The great question is not…

The great question is not whether you have failed, but whether you are content with failure. – Chinese Proverbs  (This has also been attributed to Laurence J. Peter, but I think the Chinese may have said it first)  8)

What does that mean?
It means that failure is inevitable. It is part of the learning process. If you have never failed, you simply aren’t trying to the best of your ability. But the real question is what are you going to do about the failure? Will you learn from it, or will it keep you down? Are you content with the failure or will you get up and try again? Most of us will, most of the time, get back up and try again.

Why is failure important?
Failure? Important? Have I lost my mind? Well, it has to do with a different definition of failure than I normally use. To me, failure only occurs when you don’t get back up and try again. But in the case of this quote, failure is defined as something not working according to plan. Those kind of ‘failures’ occur all the time.
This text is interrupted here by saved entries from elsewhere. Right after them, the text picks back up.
(* Differentiate the invariance condition twice at the origin. *)
Lemma invariant_hessian0_identity (c : 'I_n -> 'I_n -> 'I_n -> F) p :
  p \is 2.-homog -> invariant_poly c p -> forall a l j,
  \sum_k c a l k * hessian0 p k j + \sum_k c a j k * hessian0 p k l = 0.
Proof.
move=> hp inv a l j; set D2 := fun q : {mpoly F[n]} => (mderiv j (mderiv l q))@_0.
have D2_sum (q : 'I_n -> {mpoly F[n]}) : D2 (\sum_b q b) = \sum_b D2 (q b).
  by rewrite /D2 (raddf_sum (mderiv (R:=F) l)) (raddf_sum (mderiv (R:=F) j))
    (raddf_sum (mcoeff (R:=F) 0%MM)).
have D2_term b k : D2 ('X_b * mderiv k p) =
    (b == l)%:R * hessian0 p k j + (b == j)%:R * hessian0 p k l.
  rewrite /D2 !mderivM !mderiv_X !mderivD !mderivM !mderiv_X !mderivC.
  rewrite [mderiv l (mderiv k p)]mderiv2_dhomog2 // mderivC mul0r mulr0 add0r addr0.
  by rewrite mcoeffD !mcoeffCM mcoeffC eqxx mulr1 [hessian0 p k j]mxE.
have D2_summand b : D2 (\sum_k c a b k *: ('X_b * mderiv k p)) =
    \sum_k ((b == l)%:R * (c a b k * hessian0 p k j)
           + (b == j)%:R * (c a b k * hessian0 p k l)).
  rewrite D2_sum; apply: eq_bigr => k _.
  by rewrite /D2 !mderivZ mcoeffZ -/(D2 _) D2_term; ring.
rewrite -[RHS](_ : D2 0 = 0); last by rewrite /D2 !mderiv0 mcoeff0.
rewrite -(inv a) D2_sum (eq_bigr _ (fun b _ => D2_summand b)) exchange_big -big_split /=.
by apply: eq_bigr => k _; rewrite big_split /= !sum_delta.
Qed.

End Hessian.

(* A monomial [U_(a) + U_(b)] of [p] reappears, times a positive integer, as the
   Hessian entry [(a, b)]. *)
Lemma dhomog2_hessian0_eq0 (F : fieldType) n (p : {mpoly F[n]}) :
  [pchar F] =i pred0 -> p \is 2.-homog -> hessian0 p = 0 -> p = 0.
Proof.
move=> /pcharf0P F0 hp H0.
have mulrnS_eq0 (x : F) k : (x *+ k.+1 == 0) = (x == 0).
  by rewrite -mulr_natr mulf_eq0 F0 orbF.
apply/mpolyP => mm; rewrite mcoeff0; apply/eqP.
rewrite mcoeff_eq0; apply/negP => mmP; have /= dmm := dhomog_mf hp mmP.
have [a /= mma|mm0] := pickP (fun a => mm a != 0%N); last first.
  suff : mm = 0%MM by move=> mm_eq0; rewrite mm_eq0 mdeg0 in dmm.
  by apply/mnmP => i; rewrite mnm0E; apply/eqP/negbFE/mm0.
have mmE : (mm - U_(a) + U_(a) = mm)%MM by apply: submK; rewrite lep1mP.
have /mdeg1P[b /eqP mmbE] : mdeg (mm - U_(a))%MM == 1%N.
  by rewrite -(eqn_add2r 1) -[X in (_ + X == _)%N](mdeg1 a) -mdegD mmE dmm.
move: mmP; rewrite mcoeff_msupp => /negPf p_mm.
have /matrixP/(_ a b) := H0; rewrite !mxE !mcoeff_mderiv add0m -mmbE mmE.
by move/eqP; rewrite !mulrnS_eq0 p_mm.
Qed.

Section LieAlgebra.
Variables (F : fieldType) (n : nat) (c : 'I_n -> 'I_n -> 'I_n -> F).

Lemma ad_mxE (w : 'rV[F]_n) i j : ad_mx c w i j = \sum_a w 0 a * c a i j.
Proof.
rewrite !mxE; apply: eq_bigr => a _; rewrite (bigD1 i) //= big1 => [|b bi].
  by rewrite !mxE eqxx mulr1 addr0.
by rewrite !mxE eq_sym (negPf bi) mulr0 mul0r.
Qed.

Lemma ad_mx_basis a i j : ad_mx c (basis_vec F a) i j = c a i j.
Proof.
rewrite ad_mxE (bigD1 a) //= big1 => [|b ba]; first by rewrite mxE eqxx mul1r addr0.
by rewrite mxE eq_sym (negPf ba) mul0r.
Qed.

Lemma ad_mx_sum_basis (w : 'rV[F]_n) :
  ad_mx c w = \sum_a w 0 a *: ad_mx c (basis_vec F a).
Proof.
apply/matrixP => i j; rewrite ad_mxE summxE.
by apply: eq_bigr => a _; rewrite mxE ad_mx_basis.
Qed.

Lemma mul_ad_mx (u w : 'rV[F]_n) : u *m ad_mx c w = lie_br c w u.
Proof.
apply/rowP => k; rewrite !mxE exchange_big; apply: eq_bigr => a _ /=.
by rewrite ad_mxE mulr_sumr; apply: eq_bigr => b _; ring.
Qed.

Lemma lie_br_basis a b k : lie_br c (basis_vec F a) (basis_vec F b) 0 k = c a b k.
Proof.
rewrite -mul_ad_mx mxE (bigD1 b) //= big1 => [|i ib].
  by rewrite mxE eqxx mul1r ad_mx_basis addr0.
by rewrite mxE eq_sym (negPf ib) mul0r.
Qed.

Lemma mul_basis_tr (u : 'rV[F]_n) j : (u *m (basis_vec F j)^T) 0 0 = u 0 j.
Proof.
rewrite mxE (bigD1 j) //= big1 => [|i ij]; first by rewrite !mxE eqxx mulr1 addr0.
by rewrite !mxE eq_sym (negPf ij) mulr0.
Qed.

Lemma basis_mul_tr (u : 'rV[F]_n) k : (basis_vec F k *m u^T) 0 0 = u 0 k.
Proof.
rewrite mxE (bigD1 k) //= big1 => [|i ik]; first by rewrite !mxE eqxx mul1r addr0.
by rewrite !mxE eq_sym (negPf ik) mul0r.
Qed.

Hypothesis Hlie : is_orthonormal_lie c.

(* Antisymmetry of the bracket combined with invariance of the form. *)
Lemma structure_const_skew a k j : c a k j = - c a j k.
Proof.
case: Hlie => anti _ inv.
have c_anti b : c b a j = - c a b j.
  by rewrite -[c b a j]lie_br_basis anti [LHS]mxE lie_br_basis.
have /matrixP/(_ 0 0) := inv (basis_vec F k) (basis_vec F a) (basis_vec F j).
by rewrite mul_basis_tr basis_mul_tr !lie_br_basis c_anti => <-; rewrite opprK.
Qed.

End LieAlgebra.

Section SimpleLieAlgebra.
Variables (C : numClosedFieldType) (n : nat) (c : 'I_n -> 'I_n -> 'I_n -> C).
Hypotheses (Hlie : is_orthonormal_lie c) (Hsimple : lie_simple c).

(* Schur's lemma: for an eigenvalue [lam] of [M], the kernel of [M - lam] is a
   nonzero ideal. *)
Lemma lie_simple_commute_scalar (M : 'M[C]_n) :
  (forall a, ad_mx c (basis_vec C a) *m M = M *m ad_mx c (basis_vec C a)) ->
  exists lam, M = lam%:M.
Proof.
move=> commM; have [n0|n_gt0] := posnP n.
  by exists 0; apply/matrixP => i; have := ltn_ord i; rewrite {2}n0.
have [lam /eigenvalueP[v vM v_neq0]] := eigenvalue_closed M n_gt0.
exists lam; set A := M - lam%:M.
have commA w : ad_mx c w *m A = A *m ad_mx c w.
  rewrite ad_mx_sum_basis mulmx_suml mulmx_sumr; apply: eq_bigr => a _.
  by rewrite -scalemxAl -scalemxAr /A mulmxBr mulmxBl commM scalar_mxC.
have ker_ideal : lie_ideal c (kermx A).
  move=> u w /sub_kermxP uA; apply/sub_kermxP; case: Hlie => anti _ _.
  by rewrite anti -mul_ad_mx mulNmx -mulmxA commA mulmxA uA mul0mx oppr0.
case: Hsimple => _ /(_ _ ker_ideal) [/eqP|].
  rewrite mxrank_eq0 => /eqP ker0; case/negP: v_neq0; rewrite -submx0 -ker0.
  by apply/sub_kermxP; rewrite /A mulmxBr vM mul_mx_scalar subrr.
rewrite mxrank_ker => rA; have /eqP : \rank A = 0%N by have := rank_leq_row A; lia.
by rewrite mxrank_eq0 subr_eq0 => /eqP.
Qed.

Lemma dhomog2_invariant_hessian0_scalar (p : {mpoly C[n]}) :
  p \is 2.-homog -> invariant_poly c p -> exists lam, hessian0 p = lam%:M.
Proof.
move=> hp inv; apply: lie_simple_commute_scalar => a; apply/matrixP => l j.
rewrite !mxE; under eq_bigr do rewrite ad_mx_basis.
move/eqP: (invariant_hessian0_identity hp inv a l j); rewrite addr_eq0 => /eqP ->.
rewrite -sumrN; apply: eq_bigr => k _.
by rewrite ad_mx_basis (structure_const_skew Hlie a k j) (hessian0_sym p k l) mulrN mulrC.
Qed.

End SimpleLieAlgebra.

Lemma comp_mpolyX_tuple (F : nzRingType) n r (p : 'I_r -> {mpoly F[n]}) i :
  comp_mpoly [tuple p j | j < r] 'X_i = p i.
Proof. by rewrite comp_mpolyXU -tnth_nth tnth_mktuple. Qed.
Imagine what kind of a world it would be if we never failed. This can be done in one of two ways. One is by being so incredibly wise, intelligent and gifted that everything you touch turns to gold and no problem can remained unsolved after but the briefest glance. The other is to not start basic arithmetic until Junior High, hold off on the multiplication tables until High School and limit Algebra to those brainiacs in College or University (and everything else similarly dumbed down to the point that even a head of lettuce wouldn’t fail).

While the first option sounds like a mad scientist’s best dream, the other is a dystopia of mind boggling proportions. In reality, we learn interactively. Try something, note the results, and try again (hopefully in a slightly different manner). Every failure has, as it’s silver lining, a lesson for us to learn. Without failure, learning would be a bit more difficult.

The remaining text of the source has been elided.